The only time I ever “hit” one of my daughters occurred when my eldest daughter (now 33 and a parent herself) was about two and a half years old. She picked up something from a shelf on a bookcase, and I told her to put it back. The fact that I can’t even remember what she picked up shows just how inconsequential the item was. Although she understood my request, she refused to listen and held on to whatever it was.

Developmentally speaking, she simply did what a two-and-a-half-year-old child is supposed to do: test her independence during that first phase of the separation-individuation process (the second phase being adolescence), experiencing herself as her own person distinct from me and her mother. It was early in my clinical social work career, and although I had an intellectualized sense of this, I was tired and cranky, and could feel my impatience and frustration rising. I asked her several times to put whatever it was back on the shelf, but she continued to hold on to it. Finally, I grabbed it from her tiny, delicate hand and put it back myself.

I stood in stunned disbelief as she looked right at me, walked over to the shelf, and reached out her hand to pick up the item again.

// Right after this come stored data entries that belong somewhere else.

(* Any staircase shape $S$ on $n$ nodes whose number of turning points is bounded by a constant can be grown from a single node in $O(\log n)$ time steps, both in the connectivity graph model and in the adjacency graph model.
   Context: Shapes. Grid points are integer pairs $(x,y)$; two grid points are adjacent if they are at orthogonal (Manhattan) distance $1$. A shape $S=(V,E)$ is a finite connected graph whose nodes occupy distinct grid points and whose edges join only pairs of nodes occupying adjacent points; shapes are considered up to translation, and $n=|V|$. The adjacency closure $AC(S)$ is obtained from $S$ by adding an edge between every pair of adjacent nodes that are not yet joined. Growth operations. One node, the anchor $u_0$, is stationary; other nodes move relative to it. A growth operation on a node $u$ toward an adjacent grid point $p$ either (i) if $u$ has no edge to $p$, creates a new node $u'$ at $p$ with edge $uu'$; or (ii) if $p$ is occupied by a node $v$ with $uv\in E$, creates a new node $u'$ at $p$, replaces edge $uv$ by edges $uu',u'v$, and translates by one unit, along the axis of $uv$, the part of a spanning tree rooted at $u_0$ hanging from whichever of $u,v$ is farther from $u_0$, away from the other endpoint. In one time step a set of operations is applied concurrently, each node receiving at most one operation and all operations having the same cardinal direction; the displacement of each node is the sum of the unit vectors contributed by the operations on its path to $u_0$. The set is collision-free if no two nodes collide during these motions or end at the same point, and no cycle is distorted (displacements along the two paths of any cycle between two of its nodes agree). Growth processes. A growth process from $S_1^b=S_0$ applies in each time step $t$ a collision-free set of operations to $S_t^b$ obtaining $S_t^e$ (deleting no edges). In the connectivity graph model $S_{t+1}^b=S_t^e$; in the adjacency graph model $S_{t+1}^b=AC(S_t^e)$. It grows $S$ in $t_f$ steps if the shape after step $t_f$ is $S$. For a path, a node is a turning point if it is an endpoint or its two path-neighbors form a right angle at it. A staircase is a path whose turning points, ordered from one endpoint to the other, alternate between two clockwise- (or counterclockwise-) consecutive cardinal directions. *)

From mathcomp Require Import all_boot all_order all_algebra.
Set Implicit Arguments. Unset Strict Implicit. Unset Printing Implicit Defensive.
Import Order.TTheory GRing.Theory Num.Theory.

Definition point := (int * int)%type.

Definition padd (p q : point) : point := ((p.1 + q.1)%R, (p.2 + q.2)%R).
Definition psub (p q : point) : point := ((p.1 - q.1)%R, (p.2 - q.2)%R).
Definition pscale (k : int) (p : point) : point := ((k * p.1)%R, (k * p.2)%R).
Definition origin : point := (0%R, 0%R).

Definition adj (p q : point) : bool := (absz (p.1 - q.1)%R + absz (p.2 - q.2)%R == 1)%N.
Definition unitv (d : point) : bool := adj origin d.
Definition perp (d e : point) : bool := (d.1 * e.1 + d.2 * e.2 == 0)%R.

(* Since nodes occupy distinct grid points, a node is
   identified with the grid point it occupies.  A gshape is a list of
   occupied points and a list of edges (unordered: both orientations
   are read as the same edge).                                         *)
Record gshape := GShape { nodes : seq point; edges : seq (point * point) }.

Definition erel (S : gshape) (p q : point) : bool :=
  ((p, q) \in edges S) || ((q, p) \in edges S).

Definition connected_shape (S : gshape) : Prop :=
  forall p q, p \in nodes S -> q \in nodes S ->
    exists s : seq point, path (erel S) p s && (last p s == q).

Definition wf_shape (S : gshape) : Prop :=
  [/\ nodes S != [::], uniq (nodes S),
      (forall e, e \in edges S -> [/\ e.1 \in nodes S, e.2 \in nodes S & adj e.1 e.2])
    & connected_shape S].

Definition same_shape (S T : gshape) : Prop :=
  exists v : point,
    (forall p, (p \in nodes S) = (padd p v \in nodes T)) /\
    (forall p q, erel S p q = erel T (padd p v) (padd q v)).

Definition AC (S : gshape) : gshape :=
  GShape (nodes S)
        (edges S ++ [seq (p, q) | p <- nodes S, q <- [seq q <- nodes S | adj p q]]).

(* All operations have the common cardinal direction d;
   ops is the set of nodes u receiving an operation (toward u + d).
   The operation on u is of type (ii) iff u has an edge to u + d.
   par/dep describe a spanning tree rooted at the anchor a (parent and
   depth); disp is the displacement of the old nodes.                  *)

(* the edge {x,y} is the edge operated on by a type-(ii) operation *)
Definition opd (ops : seq point) (d x y : point) : bool :=
  ((x \in ops) && (y == padd x d)) || ((y \in ops) && (x == padd y d)).

(* x is the farther endpoint (in the tree) of a type-(ii) operation
   on x - d toward x : the part hanging from x moves by +d *)
Definition mover_plus (S : gshape) (ops : seq point) (dep : point -> nat) (d x : point) : bool :=
  (psub x d \in ops) && erel S (psub x d) x && (dep (psub x d) < dep x)%N.
(* x is the farther endpoint of a type-(ii) operation on x toward
   x + d : the part hanging from x moves by -d *)
Definition mover_minus (S : gshape) (ops : seq point) (dep : point -> nat) (d x : point) : bool :=
  (x \in ops) && erel S x (padd x d) && (dep (padd x d) < dep x)%N.

(* unit vectors contributed at node x by the operations whose moving
   part hangs from x *)
Definition contrib S ops dep d x : point :=
  pscale ((nat_of_bool (mover_plus S ops dep d x))%:Z
          - (nat_of_bool (mover_minus S ops dep d x))%:Z)%R d.

Definition fpos (disp : point -> point) (x : point) : point := padd x (disp x).

Definition rpos (x : point) (t : rat) (v : point) : rat * rat :=
  ((x.1%:~R + t * v.1%:~R)%R, (x.2%:~R + t * v.2%:~R)%R).

Definition collision_free (S : gshape) (d : point) (ops : seq point)
  (disp : point -> point) : Prop :=
  (forall x y, x \in nodes S -> y \in nodes S -> x != y ->
     forall t : rat, (0 <= t)%R -> (t <= 1)%R -> rpos x t (disp x) != rpos y t (disp y)) /\
  (forall x u, x \in nodes S -> u \in ops -> fpos disp x != padd (fpos disp u) d) /\
  (forall u w, u \in ops -> w \in ops -> u != w ->
     padd (fpos disp u) d != padd (fpos disp w) d) /\
  (* no cycle is distorted: along every edge the relative displacement of
     its endpoints is the one prescribed by the operation on that edge
     (none, or one unit along the edge if the edge is operated on) *)
  (forall x y, erel S x y ->
     psub (fpos disp y) (fpos disp x) = pscale (1 + (nat_of_bool (opd ops d x y))%:Z)%R (psub y x)).

Definition end_shape (S : gshape) (d : point) (ops : seq point) (disp : point -> point) : gshape :=
  let f := fpos disp in
  GShape (map f (nodes S) ++ map (fun u => padd (f u) d) ops)
        ([seq (f e.1, f e.2) | e <- [seq e <- edges S | ~~ opd ops d e.1 e.2]]
         ++ [seq (f u, padd (f u) d) | u <- ops]
         ++ [seq (padd (f u) d, f (padd u d)) | u <- [seq u <- ops | erel S u (padd u d)]]).

Definition step (a : point) (S S' : gshape) : Prop :=
  exists (d : point) (ops : seq point) (par : point -> point) (dep : point -> nat)
         (disp : point -> point),
    [/\ unitv d, a \in nodes S, uniq ops & {subset ops <= nodes S}] /\
    (dep a = 0%N /\
     forall x, x \in nodes S -> x != a ->
       [/\ par x \in nodes S, erel S x (par x) & dep x = (dep (par x)).+1]) /\
    (* displacement = sum of the contributions on the tree path to a *)
    (disp a = origin /\
     forall x, x \in nodes S -> x != a ->
       disp x = padd (disp (par x)) (contrib S ops dep d x)) /\
    collision_free S d ops disp /\
    S' = end_shape S d ops disp.

(* Growth processes from a single node (the anchor, at the origin).
   adjm = false : connectivity graph model; adjm = true : adjacency
   graph model.  grows_in adjm S tf : the process grows S in tf steps. *)
Definition seed : gshape := GShape [:: origin] [::].

Definition grows_in (adjm : bool) (S : gshape) (tf : nat) : Prop :=
  exists B E : nat -> gshape,
    B 0%N = seed /\
    (forall t, (t < tf)%N ->
       step origin (B t) (E t) /\ B t.+1 = (if adjm then AC (E t) else E t)) /\
    same_shape (if tf is t.+1 then E t else seed) S.

Definition at_ (s : seq point) (i : nat) : point := nth origin s i.

Definition path_of (S : gshape) (s : seq point) : Prop :=
  [/\ s != [::], perm_eq s (nodes S) &
      forall p q, erel S p q =
        ((p, q) \in zip s (behead s)) || ((q, p) \in zip s (behead s))].

Definition turning (s : seq point) (i : nat) : bool :=
  (i == 0%N) || (i == (size s).-1) ||
  perp (psub (at_ s i.-1) (at_ s i)) (psub (at_ s i.+1) (at_ s i)).

Definition turning_points (s : seq point) : seq nat :=
  [seq i <- iota 0 (size s) | turning s i].

Definition staircase (s : seq point) : Prop :=
  exists d1 d2 : point,
    [&& unitv d1, unitv d2 & perp d1 d2] /\
    let tp := turning_points s in
    forall k, (k.+1 < size tp)%N ->
      forall m, (nth 0%N tp k <= m < nth 0%N tp k.+1)%N ->
        psub (at_ s m.+1) (at_ s m) = (if odd k then d2 else d1).

From Pilot Require Import Defs.
From mathcomp Require Import all_boot all_order all_algebra.
From mathcomp Require Import zify ring lra.
Import Order.TTheory GRing.Theory Num.Theory.
Set Implicit Arguments. Unset Strict Implicit. Unset Printing Implicit Defensive.
Local Open Scope ring_scope.

(* If the staircase uses the perpendicular unit directions d1 and d2, put
   e := d1 + d2.  The level <p, e> increases by exactly one along the
   staircase, so the staircase is a "diagonal line": one node on each level
   0..n-1 and edges exactly between consecutive levels.  Adjacency closure adds
   nothing to a diagonal line, so both models behave identically.

   Inside a straight run of length a we append one node and then
   double the grown part of the run at every step, so the run costs at most
   log a + 2 steps (section Run), and a path made of r runs costs at most
   r (log n + 2) steps (section Runs).  Consecutive runs of a staircase are
   separated by turning points (section Staircase), so r <= k; finally the
   completely grown prefix is the staircase up to translation. *)

Lemma unitv_cases (v : point) : unitv v ->
  v = (1, 0) \/ v = (-1, 0) \/ v = (0, 1) \/ v = (0, -1).
Proof.
case: v => a b; rewrite /unitv /adj /origin /= => /eqP H.
have : (a = 1 /\ b = 0) \/ (a = -1 /\ b = 0) \/ (a = 0 /\ b = 1) \/ (a = 0 /\ b = -1)
  by lia.
by case=> [[-> ->]|[[-> ->]|[[-> ->]|[-> ->]]]]; auto.
Qed.

Definition level (e p : point) : int := p.1 * e.1 + p.2 * e.2.

Lemma levelD e p q : level e (padd p q) = level e p + level e q.
Proof. rewrite /level /padd /=; ring. Qed.

Lemma levelB e p q : level e (psub p q) = level e p - level e q.
Proof. rewrite /level /psub /=; ring. Qed.

Lemma levelZ e k p : level e (pscale k p) = k * level e p.
Proof. rewrite /level /pscale /=; ring. Qed.

Lemma level0 e : level e origin = 0.
Proof. by rewrite /level /origin /= !mul0r addr0. Qed.

Lemma diagonal_levels (d1 d2 : point) : unitv d1 -> unitv d2 -> perp d1 d2 ->
  [/\ level (padd d1 d2) d1 = 1, level (padd d1 d2) d2 = 1 &
      forall v, unitv v -> level (padd d1 d2) v = 1 \/ level (padd d1 d2) v = -1].
Proof.
move=> /unitv_cases H1 /unitv_cases H2; rewrite /perp.
by case: H1 => [->|[->|[->|->]]]; case: H2 => [->|[->|[->|->]]] //= _;
  split => // v /unitv_cases [->|[->|[->|->]]]; auto.
Qed.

I sternly told her once, and then a second time, “Don’t pick that up.” By now, my anger was coiled like a rattlesnake, ready to strike. She went ahead and picked it up, looked directly at me, and started to smile. Chances were that she thought we were playing some sort of game, but I automatically interpreted her actions as willful unmitigated defiance that demanded a strong response. Impulsively, I smacked her hand—hard.

My guilt-laden regret was instantaneous. I watched in horror as the change in her demeanor seemed to start at her feet and work its way up her little body in slow motion until her smile dissolved into a frown, and her lips began to quiver. As she started to cry, she looked at me as if to say, “How could you do that to me? You’re supposed to protect me.” I felt as though I had betrayed her—because I had. I don’t know if it was traumatic for her, but it was for me. Shortly thereafter, she didn’t remember the experience. I, on the other hand, will never forget it.

Although there are (and may always be) holdouts that insist on reserving the so-called right to spank or otherwise physically discipline their kids, since approximately the 1980s, these activities have generally and appropriately been viewed as child abuse. Ample research demonstrates that physical punishments do kids considerably more harm than good.

The Report on Physical Punishment in the United States: What Research Tells Us about Its Effects on Children by Elizabeth T. Gershoff, PhD, addresses the association between parental physical punishment and eleven child behaviors and experiences. A meta-analytic and theoretical review of over one hundred years of social science research and hundreds of published studies on physical punishment, conducted by professionals in the fields of psychology, medicine, education, social work, and sociology, found that

  • There is little evidence that physical punishment improves children’s behavior in the long term, and increasing empirical data indicates the physical punishment of children is an ineffective parenting practice.
  • Physical punishment makes it more, rather than less, likely that children will be defiant and aggressive in the future.
  • Physical punishment puts children at risk for a range of negative outcomes, including increased mental health problems.
  • Children who are physically punished are at greater risk of serious injury and physical abuse.
  • When administered regularly, physical punishment increases antisocial behaviors such as lying, stealing, cheating, bullying, assaulting a sibling or peers, and lack of remorse for wrongdoing.
  • Physical punishment serves as a model for aggressive behavior and inappropriate ways of dealing with conflict.
  • Physical punishment erodes trust between a parent and child.
  • Adults who were hit frequently as children are more likely to suffer from depression and other negative social and mental health outcomes.

Copyright 2021 Dan Mager, MSW

References

E.T. Gershoff, Report on Physical Punishment in the United States: What Research Tells Us About Its Effects on Children. Columbus, OH: Center for Effective Discipline (2008).